__EXERCISE PROMPT__
Below are some entries. Work out how many of their lines hold the word "Section", and write that number alone.
================================
(* Let $Y,\widetilde Y\in\mathbb{R}^{m\times N}$ with all columns $\widetilde Y_t$ nonzero, let $w\in\mathbb{R}^N$, $\delta>0$, and let $U_1,\dots,U_N$ be i.i.d. uniform random variables on $[0,1)$. Define the randomized rounding $\mathcal{Q}(z;U)=\delta\bigl(\lfloor z/\delta\rfloor+\mathbf 1\{U< z/\delta-\lfloor z/\delta\rfloor\}\bigr)$ (this is the stochastic quantizer onto $\{k\delta:k\in\mathbb Z\}$). (Basic SPFQ) Set $u_0=0\in\mathbb{R}^m$ and for $t=1,\dots,N$: $q_t=\mathcal{Q}\bigl(\langle \widetilde Y_t,u_{t-1}+w_tY_t\rangle/\|\widetilde Y_t\|_2^2;U_t\bigr)$, $u_t=u_{t-1}+w_tY_t-q_t\widetilde Y_t$. (Phase I) Set $\hat u_0=0$ and for $t=1,\dots,N$: $\widetilde w_t=\langle\widetilde Y_t,\hat u_{t-1}+w_tY_t\rangle/\|\widetilde Y_t\|_2^2$, $\hat u_t=\hat u_{t-1}+w_tY_t-\widetilde w_t\widetilde Y_t$. (Phase II) Set $\widetilde u_0=0$ and for $t=1,\dots,N$: $\widetilde q_t=\mathcal{Q}\bigl(\widetilde w_t+\langle\widetilde Y_t,\widetilde u_{t-1}\rangle/\|\widetilde Y_t\|_2^2;U_t\bigr)$, $\widetilde u_t=\widetilde u_{t-1}+(\widetilde w_t-\widetilde q_t)\widetilde Y_t$. Then $\widetilde q=q$ (for every realization of $U_1,\dots,U_N$); consequently $Yw-\widetilde Yq=\hat u_N+\widetilde u_N$.
   Context: $\langle\cdot,\cdot\rangle$ is the Euclidean inner product on $\mathbb{R}^m$; $\widetilde Y_t$ denotes the $t$-th column of $\widetilde Y$, and similarly $Y_t$. *)

From HB Require Import structures.
From mathcomp Require Import all_boot all_order all_algebra.
From mathcomp Require Import all_classical all_reals.
Set Implicit Arguments. Unset Strict Implicit. Unset Printing Implicit Defensive.
Import Order.TTheory GRing.Theory Num.Theory.
Local Open Scope ring_scope.

Section SPFQ.
Variables (R : realType) (m N : nat).

Definition dotv (u v : 'cV[R]_m) : R := (u^T *m v) 0 0.

Definition stoch_round (delta z U : R) : R :=
  let fl : R := (Num.floor (z / delta))%:~R in
  delta * (fl + (if U < z / delta - fl then 1 else 0)).

(* 0-based access: step t (t = 0..N-1) corresponds to the paper's t+1.
   Out-of-range indices give 0 (never used for t < N). *)
Definition ncol (A : 'M[R]_(m, N)) (t : nat) : 'cV[R]_m :=
  if (insub t : option 'I_N) is Some j then col j A else 0.
Definition nent (w : 'cV[R]_N) (t : nat) : R :=
  if (insub t : option 'I_N) is Some j then w j 0 else 0.
Definition nfun (U : 'I_N -> R) (t : nat) : R :=
  if (insub t : option 'I_N) is Some j then U j else 0.

Variables (Y Yt : 'M[R]_(m, N)) (w : 'cV[R]_N) (delta : R) (U : 'I_N -> R).

Let y t := ncol Y t.
Let yt t := ncol Yt t.
Let wt t := nent w t.
Let Ut t := nfun U t.

(* Basic SPFQ: u_basic k = u_k (after k steps); q_basic t = q_{t+1}. *)
Fixpoint u_basic (k : nat) : 'cV[R]_m :=
  match k with
  | 0 => 0
  | k'.+1 =>
      let v := u_basic k' + wt k' *: y k' in
      v - stoch_round delta (dotv (yt k') v / dotv (yt k') (yt k')) (Ut k') *: yt k'
  end.
Definition q_basic (t : nat) : R :=
  stoch_round delta
    (dotv (yt t) (u_basic t + wt t *: y t) / dotv (yt t) (yt t)) (Ut t).

(* Phase I: u_hat k = \hat u_k; w_tilde t = \widetilde w_{t+1}. *)
Fixpoint u_hat (k : nat) : 'cV[R]_m :=
  match k with
  | 0 => 0
  | k'.+1 =>
      let v := u_hat k' + wt k' *: y k' in
      v - (dotv (yt k') v / dotv (yt k') (yt k')) *: yt k'
  end.
Definition w_tilde (t : nat) : R :=
  dotv (yt t) (u_hat t + wt t *: y t) / dotv (yt t) (yt t).

(* Phase II: u_tilde k = \widetilde u_k; q_tilde t = \widetilde q_{t+1}. *)
Fixpoint u_tilde (k : nat) : 'cV[R]_m :=
  match k with
  | 0 => 0
  | k'.+1 =>
      u_tilde k' + (w_tilde k' - stoch_round delta
        (w_tilde k' + dotv (yt k') (u_tilde k') / dotv (yt k') (yt k')) (Ut k'))
        *: yt k'
  end.
Definition q_tilde (t : nat) : R :=
  stoch_round delta (w_tilde t + dotv (yt t) (u_tilde t) / dotv (yt t) (yt t)) (Ut t).

Definition q_vec : 'cV[R]_N := \col_(j < N) q_basic j.

End SPFQ.

From HB Require Import structures.
From mathcomp Require Import all_boot all_order all_algebra.
From mathcomp Require Import all_classical all_reals.
Import Order.TTheory GRing.Theory Num.Theory.
Local Open Scope ring_scope.

(* Invariant: after every step k the basic state splits as
        u_basic k = u_hat k + u_tilde k.
   Given the invariant at step k, the rounding arguments of the basic and
   the two-phase algorithm agree, because <Yt_k, .> is additive:
        <Yt_k, u_hat k + w_k Y_k>/|Yt_k|^2 + <Yt_k, u_tilde k>/|Yt_k|^2
      = <Yt_k, u_basic k + w_k Y_k>/|Yt_k|^2,
   so the same rounded value q_k is produced (same uniform U_k), and the
   updates of the three states then show the invariant at step k+1.
   Unrolling the basic recursion gives u_basic N = Y w - Yt q, which with
   the invariant at k = N yields the second claim. *)

Lemma dotvDr (R : realType) (m : nat) (c a b : 'cV[R]_m) :
  dotv c (a + b) = dotv c a + dotv c b.
Proof. by rewrite /dotv mulmxDr mxE. Qed.

Lemma mulmx_sum_col (R : comPzRingType) (m n : nat) (A : 'M[R]_(m, n))
    (v : 'cV[R]_n) :
  A *m v = \sum_(j < n) v j 0 *: col j A.
Proof.
apply/matrixP => i k; rewrite !mxE summxE (ord1 k).
by apply: eq_bigr => j _; rewrite !mxE mulrC.
Qed.

Section TwoPhaseSPFQ.
Variables (R : realType) (m N : nat) (Y Yt : 'M[R]_(m, N)) (w : 'cV[R]_N)
  (delta : R) (U : 'I_N -> R).

Local Notation u_basic := (u_basic Y Yt w delta U).
Local Notation q_basic := (q_basic Y Yt w delta U).
Local Notation u_hat := (u_hat Y Yt w).
Local Notation u_tilde := (u_tilde Y Yt w delta U).
Local Notation q_tilde := (q_tilde Y Yt w delta U).

Definition state_split (k : nat) : Prop := u_basic k = u_hat k + u_tilde k.

Lemma q_tilde_of_split {k : nat} : state_split k -> q_tilde k = q_basic k.
Proof.
rewrite /state_split /q_tilde /q_basic /w_tilde => ->.
by rewrite -mulrDl -dotvDr addrAC.
Qed.

Lemma state_splitP (k : nat) : state_split k.
Proof.
elim: k => [|k IH]; first by rewrite /state_split /= addr0.
have Eq := q_tilde_of_split IH; rewrite /q_tilde /q_basic in Eq.
rewrite /state_split /= Eq IH /w_tilde scalerBl.
have regroup (a b c x q : 'cV[R]_m) : a + b + c - q = a + c - x + (b + (x - q)).
  by rewrite addrACA addKr (addrAC a).
exact: regroup.
Qed.

Lemma q_tilde_basic (k : nat) : q_tilde k = q_basic k.
Proof. exact: q_tilde_of_split (state_splitP k). Qed.

Lemma u_basic_sum (k : nat) :
  u_basic k = \sum_(i < k) (nent w i *: ncol Y i - q_basic i *: ncol Yt i).
Proof.
elim: k => [|k IH]; first by rewrite big_ord0.
by rewrite big_ord_recr /= -IH addrA.
Qed.

Lemma u_basic_final : u_basic N = Y *m w - Yt *m q_vec Y Yt w delta U.
Proof.
rewrite u_basic_sum sumrB !mulmx_sum_col.
by congr (_ - _); apply: eq_bigr => j _; rewrite /ncol /nent valK // mxE.
Qed.

End TwoPhaseSPFQ.

Theorem mainTheorem1 (R : realType) (m N : nat) (Y Yt : 'M[R]_(m, N))
    (w : 'cV[R]_N) (delta : R) (U : 'I_N -> R) :
  (forall j : 'I_N, col j Yt != 0) ->
  0 < delta ->
  (forall j : 'I_N, 0 <= U j < 1) ->
  (forall j : 'I_N, q_tilde Y Yt w delta U j = q_basic Y Yt w delta U j) /\
  Y *m w - Yt *m q_vec Y Yt w delta U =
    u_hat Y Yt w N + u_tilde Y Yt w delta U N.
Proof.
move=> _ _ _; split; first by move=> j; exact: q_tilde_basic.
by rewrite -u_basic_final; exact: state_splitP.
Qed.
================================
__REPLY TO THE EXERCISE__
2